Phase I: Phase I treatment addresses specific problems to establish a more normal facial balance. These problems include extreme jaw bone disharmony such as underbite, crossbite, and extreme protrusion (overbite). Other problems like extreme crowding, or muscular imbalances such as tongue thrusting, thumb sucking or lip biting also benefit from early intervention. If using an analogy of building a house, Phase I would be the foundation work.

Resting Period: In this phase, the remaining permanent teeth are allowed to erupt. It is best to allow the existing permanent teeth some freedom of movement while final eruption of teeth occurs. A successful first phase will have created room for teeth to find an eruption path. Otherwise, they may become impacted or severely displaced. Sometimes if a patient has precocious development, Phase II will begin without a rest period.

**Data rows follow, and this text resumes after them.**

Lemma Prim_lipschitz M : (forall t, 0 < t < a -> Rabs (phi t) <= M) ->
  forall x y, x <= y -> Rabs (Prim y - Prim x) <= Rabs M * (y - x).
Proof.
  intros HM x y Hxy. rewrite (Prim_clamp x), (Prim_clamp y).
  destruct (clamp_in 0 a x a_ge0), (clamp_in 0 a y a_ge0).
  pose proof (clamp_contract 0 a x y a_ge0 Hxy).
  assert (Hb : Rabs (Prim (clamp 0 a y) - Prim (clamp 0 a x) - 0 * (clamp 0 a y - clamp 0 a x))
               <= Rabs M * (clamp 0 a y - clamp 0 a x)).
  { apply Prim_increment_bound; try lra. intros t Ht.
    pose proof (HM t ltac:(lra)). pose proof (Rle_abs (phi t)). pose proof (Rle_abs (- phi t)).
    pose proof (Rle_abs M). rewrite Rabs_Ropp in *. lra. }
  rewrite Rmult_0_l, Rminus_0_r in Hb. pose proof (Rabs_pos M). nra.
Qed.

Lemma Prim_continuity_pt M : (forall t, 0 < t < a -> Rabs (phi t) <= M) ->
  forall x, continuity_pt Prim x.
Proof.
  intros HM. pose proof (Prim_lipschitz M HM) as Hlip.
  intros x eps Heps. pose proof (Rabs_pos M).
  exists (eps / (Rabs M + 1)). split; [apply Rdiv_lt_0_compat; lra|].
  intros y [_ Hy]. simpl in *. unfold R_dist in *.
  assert (Hd : Rabs (y - x) * (Rabs M + 1) < eps).
  { apply Rmult_lt_reg_r with (/ (Rabs M + 1)); [apply Rinv_0_lt_compat; lra|].
    replace (Rabs (y - x) * (Rabs M + 1) * / (Rabs M + 1)) with (Rabs (y - x)) by (field; lra).
    exact Hy. }
  destruct (Rle_dec x y) as [Hxy|Hxy].
  - pose proof (Hlip x y Hxy). rewrite Rabs_right in Hd by lra. nra.
  - pose proof (Hlip y x ltac:(lra)). rewrite Rabs_minus_sym.
    rewrite Rabs_left in Hd by lra. nra.
Qed.

Lemma Prim_derivable x : 0 < x < a -> continuity_pt phi x -> derivable_pt_lim Prim x (phi x).
Proof.
  intros Hx Hc eps Heps.
  destruct (Hc (eps / 2) ltac:(lra)) as [alp [Halp Hclose]].
  assert (Hnear : forall t, Rabs (t - x) < alp -> phi x - eps / 2 <= phi t <= phi x + eps / 2).
  { intros t Ht. destruct (Req_dec t x) as [->|Hne]; [lra|].
    assert (Hd : Rabs (phi t - phi x) < eps / 2)
      by (apply Hclose; split; [split; [exact I | congruence] | exact Ht]).
    apply Rabs_def2 in Hd. lra. }
  pose proof (Rmin_l alp (Rmin x (a - x))). pose proof (Rmin_r alp (Rmin x (a - x))).
  pose proof (Rmin_l x (a - x)). pose proof (Rmin_r x (a - x)).
  assert (Hdel : 0 < Rmin alp (Rmin x (a - x))) by (repeat apply Rmin_pos; lra).
  exists (mkposreal _ Hdel). intros h Hh0 Hh. simpl in Hh.
  assert (Hinc : Rabs (Prim (x + h) - Prim x - phi x * h) <= eps / 2 * Rabs h).
  { destruct (Rle_dec 0 h) as [Hpos|Hneg].
    - rewrite (Rabs_right h) in Hh |- * by lra.
      replace h with (x + h - x) at 2 3 by ring.
      apply Prim_increment_bound; try lra.
      intros t Ht. apply Hnear. rewrite Rabs_right; lra.
    - rewrite (Rabs_left h) in Hh |- * by lra.
      replace (Prim (x + h) - Prim x - phi x * h)
        with (- (Prim x - Prim (x + h) - phi x * (x - (x + h)))) by ring.
      rewrite Rabs_Ropp. replace (- h) with (x - (x + h)) by ring.
      apply Prim_increment_bound; try lra.
      intros t Ht. apply Hnear. rewrite Rabs_left; lra. }
  replace ((Prim (x + h) - Prim x) / h - phi x)
    with ((Prim (x + h) - Prim x - phi x * h) / h) by (field; exact Hh0).
  pose proof (Rabs_pos_lt h Hh0).
  unfold Rdiv. rewrite Rabs_mult, Rabs_inv.
  apply Rle_lt_trans with (eps / 2 * Rabs h * / Rabs h).
  - apply Rmult_le_compat_r; [left; apply Rinv_0_lt_compat|]; assumption.
  - field_simplify; lra.
Qed.

End Primitive.

(* Induction on the exceptional list: an exceptional point inside (c, d) splits the interval,
   and without exceptions the mean value theorem applies. *)
Lemma deriv_neg_off_finite_lt (G D : R -> R) (L : list R) c d : c < d ->
  (forall s, c <= s <= d -> continuity_pt G s) ->
  (forall s, c < s < d -> ~ In s L -> derivable_pt_lim G s (D s) /\ D s < 0) -> G d < G c.
Proof.
  revert c d. induction L as [|q L IH]; intros c d Hcd Hc Hd.
  - assert (prG : forall s, c < s < d -> derivable_pt G s)
      by (intros s Hs; exists (D s); exact (proj1 (Hd s Hs (in_nil (a := s))))).
    assert (prid : forall s, c < s < d -> derivable_pt id s) by (intros; apply derivable_pt_id).
    destruct (MVT G id c d prG prid Hcd Hc) as [xi [Hxi Heq]].
    { intros; apply derivable_continuous_pt, derivable_pt_id. }
    destruct (Hd xi Hxi (in_nil (a := xi))) as [HdG Hneg].
    rewrite (derive_pt_eq_0 _ _ _ _ HdG), (derive_pt_eq_0 _ _ _ _ (derivable_pt_lim_id xi)) in Heq.
    unfold id in Heq. nra.
  - assert (Hd' : forall c' d', c <= c' -> d' <= d -> q <= c' \/ d' <= q ->
              forall s, c' < s < d' -> ~ In s L -> derivable_pt_lim G s (D s) /\ D s < 0).
    { intros c' d' Hc' Hd' Hq s Hs Hn. apply Hd; [lra|]. intros [->|Hin]; [lra | contradiction]. }
    destruct (Rlt_dec c q) as [Hcq|Hcq]; [destruct (Rlt_dec q d) as [Hqd|Hqd]|].
    + apply Rlt_trans with (G q); apply IH; try lra;
        try (intros; apply Hc; lra); apply Hd'; lra.
    + apply IH; [lra | exact Hc | apply Hd'; lra].
    + apply IH; [lra | exact Hc | apply Hd'; lra].
Qed.

Lemma reflect_sum_deriv_neg_lt (G D : R -> R) (L : list R) x r : 0 < r ->
  (forall s, x - r <= s <= x + r -> continuity_pt G s) ->
  (forall t, x - r < t < x + r -> ~ In t L -> derivable_pt_lim G t (D t)) ->
  (forall s, 0 < s < r -> ~ In (x + s) L -> ~ In (x - s) L -> D (x + s) + D (x - s) < 0) ->
  G (x + r) < G (x - r).
Proof.
  intros Hr Hc Hd Hneg.
  set (L' := map (fun q => q - x) L ++ map (fun q => x - q) L).
  assert (Hplus : forall s, derivable_pt_lim (fun s => x + s) s 1).
  { intros s. replace 1 with (0 + 1) by ring.
    apply (derivable_pt_lim_plus (fct_cte x) id);
      [apply derivable_pt_lim_const | apply derivable_pt_lim_id]. }
  assert (Hminus : forall s, derivable_pt_lim (fun s => x - s) s (-1)).
  { intros s. replace (-1) with (0 - 1) by ring.
    apply (derivable_pt_lim_minus (fct_cte x) id);
      [apply derivable_pt_lim_const | apply derivable_pt_lim_id]. }
  enough (Hlt : G (x + r) - G (x - r) < G (x + 0) - G (x - 0))
    by (replace (x + 0) with (x - 0) in Hlt by ring; lra).
  apply (deriv_neg_off_finite_lt (fun s => G (x + s) - G (x - s))
           (fun s => D (x + s) + D (x - s)) L');
    [exact Hr | |].
  - intros s Hs.
    apply (continuity_pt_minus (fun s => G (x + s)) (fun s => G (x - s)));
      [apply (continuity_pt_comp (fun s => x + s) G)
      | apply (continuity_pt_comp (fun s => x - s) G)];
      try (apply derivable_continuous_pt; eexists; [apply Hplus || apply Hminus]);
      apply Hc; lra.
  - intros s Hs Hn.
    assert (Hn1 : ~ In (x + s) L).
    { intros Hin. apply Hn, in_or_app. left.
      apply in_map_iff. exists (x + s); split; [ring | exact Hin]. }
    assert (Hn2 : ~ In (x - s) L).
    { intros Hin. apply Hn, in_or_app. right.
      apply in_map_iff. exists (x - s); split; [ring | exact Hin]. }
    split; [|exact (Hneg s Hs Hn1 Hn2)].
    replace (D (x + s) + D (x - s)) with (D (x + s) * 1 - D (x - s) * (-1)) by ring.
    apply (derivable_pt_lim_minus (fun s => G (x + s)) (fun s => G (x - s)));
      [apply (derivable_pt_lim_comp (fun s => x + s) G)
      | apply (derivable_pt_lim_comp (fun s => x - s) G)];
      try apply Hplus; try apply Hminus; apply Hd; auto; lra.
Qed.

Section IncrementOfAntiderivative.

Variables (f fp : R -> R) (a h x1 : R) (L : list R) (P : R -> R).
Hypothesis f_concave : concave_on01 f.
Hypothesis f_nonneg : forall t, 0 <= t <= 1 -> 0 <= f t.
Hypothesis a_in01 : 0 <= a <= 1.
Hypothesis a_max : forall t, 0 <= t <= 1 -> f t <= f a.
Hypothesis a_first : forall t, 0 <= t <= 1 -> f t = f a -> a <= t.
Hypothesis h_pos : 0 < h.
Hypothesis x1_range : a / 2 <= x1 <= a.
Hypothesis f_derivable : forall t, 0 < t < a -> ~ In t L -> derivable_pt_lim f t (fp t).
Hypothesis P_continuous : forall x, continuity_pt P x.
Hypothesis P_derivable :
  forall t, 0 < t < a -> ~ In t L -> derivable_pt_lim P t (integrand f fp h x1 t).

Lemma antiderivative_lt_left : 0 < 2 * x1 - a -> P (2 * x1 - a) < P 0.
Proof.
  intros Hpos. apply (deriv_neg_off_finite_lt P (integrand f fp h x1) L);
    [exact Hpos | intros; apply P_continuous |].
  intros t Ht Hn. split; [apply P_derivable; [lra | exact Hn]|].
  apply integrand_neg; [lra|].
  apply (first_maximiser_deriv_pos f a f_concave a_in01 a_max a_first (fp t) t);
    [apply f_derivable; [lra | exact Hn] | lra].
Qed.

Lemma antiderivative_lt_symmetric : x1 < a -> P a < P (2 * x1 - a).
Proof.
  intros Hlt. replace a with (x1 + (a - x1)) at 1 by ring.
  replace (2 * x1 - a) with (x1 - (a - x1)) by ring.
  apply (reflect_sum_deriv_neg_lt P (integrand f fp h x1) L x1 (a - x1));
    [lra | intros; apply P_continuous | |].
  - intros t Ht Hn. apply P_derivable; [lra | exact Hn].
  - intros s Hs Hn1 Hn2.
    destruct (first_maximiser_reflect f a f_concave a_in01 a_max a_first
                (fp (x1 - s)) (fp (x1 + s)) x1 s) as [Hfp Hf];
      try (apply f_derivable; [lra | assumption]); try lra.
    apply integrand_reflect_sum_neg; [exact h_pos | lra | exact Hfp |].
    split; [apply f_nonneg; lra | exact Hf].
Qed.

Lemma antiderivative_increment_neg : 0 < a -> P a - P 0 < 0.
Proof.
  intros Ha. destruct (Rlt_dec x1 a) as [Hlt|Hge].
  - assert (P (2 * x1 - a) <= P 0).
    { destruct (Rlt_dec 0 (2 * x1 - a)) as [Hpos|Hzero];
        [left; exact (antiderivative_lt_left Hpos) | right; f_equal; lra]. }
    pose proof (antiderivative_lt_symmetric Hlt). lra.
  - assert (P a = P (2 * x1 - a)) by (f_equal; lra).
    pose proof (antiderivative_lt_left ltac:(lra)). lra.
Qed.

End IncrementOfAntiderivative.

Theorem lemma4p7 (f fp : R -> R) (a h : R)
  (Hpw : piecewise_C1_01 f fp)
  (Hconc : concave_on01 f)
  (Hnn : forall t, 0 <= t <= 1 -> 0 <= f t)
  (Ha01 : 0 <= a <= 1)
  (Hamax : forall t, 0 <= t <= 1 -> f t <= f a)
  (Hamin : forall t, 0 <= t <= 1 -> f t = f a -> a <= t)
  (Hapos : 0 < a)
  (Hh : 0 < h) :
  forall x1, a / 2 <= x1 <= a ->
    exists pr : Riemann_integrable (integrand f fp h x1) 0 a,
      RiemannInt pr < 0.
Proof.
  intros x1 Hx1.
  destruct (piecewise_C1_01_integrand f fp h x1 Hh Hpw)
    as (n & p & Hp0 & Hpn & Hp_incr & Hpwc & Hder).
  set (phi := integrand f fp h x1) in *.
  pose proof (piecewise_continuous_integrable n p phi Hpwc Hp_incr) as pr01.
  rewrite Hp0, Hpn in pr01.
  exists (RiemannInt_P22 pr01 Ha01).
  assert (Ha : 0 <= a) by lra.
  rewrite (Prim_RiemannInt phi a Ha).
  apply (antiderivative_increment_neg f fp a h x1 (partition_points n p));
    try assumption.
  - intros t Ht Hn. apply Hder; [lra | exact Hn].
  - destruct (piecewise_continuous_bounded n p phi Hpwc Hp_incr) as [M HM].
    apply (Prim_continuity_pt phi a Ha _ M). intros t Ht. apply HM. rewrite Hp0, Hpn. lra.
  - intros t Ht Hn. apply Prim_derivable; [exact Ht|].
    apply (piecewise_continuous_continuity_pt n p phi Hpwc); [rewrite Hp0, Hpn; lra | exact Hn].
Qed.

Phase II: The placement of the teeth in their ideal positions within the jaw occurs in Phase II. To continue the analogy, this is building the house upon the foundation. A full set of braces is typically used, but sometimes a retainer or clear aligners are utilized, depending on the results of Phase I. Most orthodontic results are determined by 2 factors: growth and cooperation of the patient.

Typical Time Line:

First Phase
Active Treatment
Mixed Dentition
(Permanent and Baby Teeth)
10-15 months duration
Intermediate Period

6-18 months duration
Second Phase
Active Treatment
Full Permanent Dentition

12-18 months duration

What if I put off treatment?

The disadvantage of waiting for complete eruption of permanent teeth and having only one phase of treatment for someone with a jaw discrepancy or musculoskeletal imbalance is facing the possibility of a compromised result that may not be stable. There is also a much greater chance of extractions and/or jaw surgery to correct the musculoskeletal problems.


We will use a two-phase treatment program when it is indicated because of what we are able to accomplish in altering the jaw structure and oral environment. This early approach to treatment allows correction of a skeletal problem as a child is growing, which is the preferred method of treatment for the correction of the previously mentioned types of orthodontic and orthopedic problems.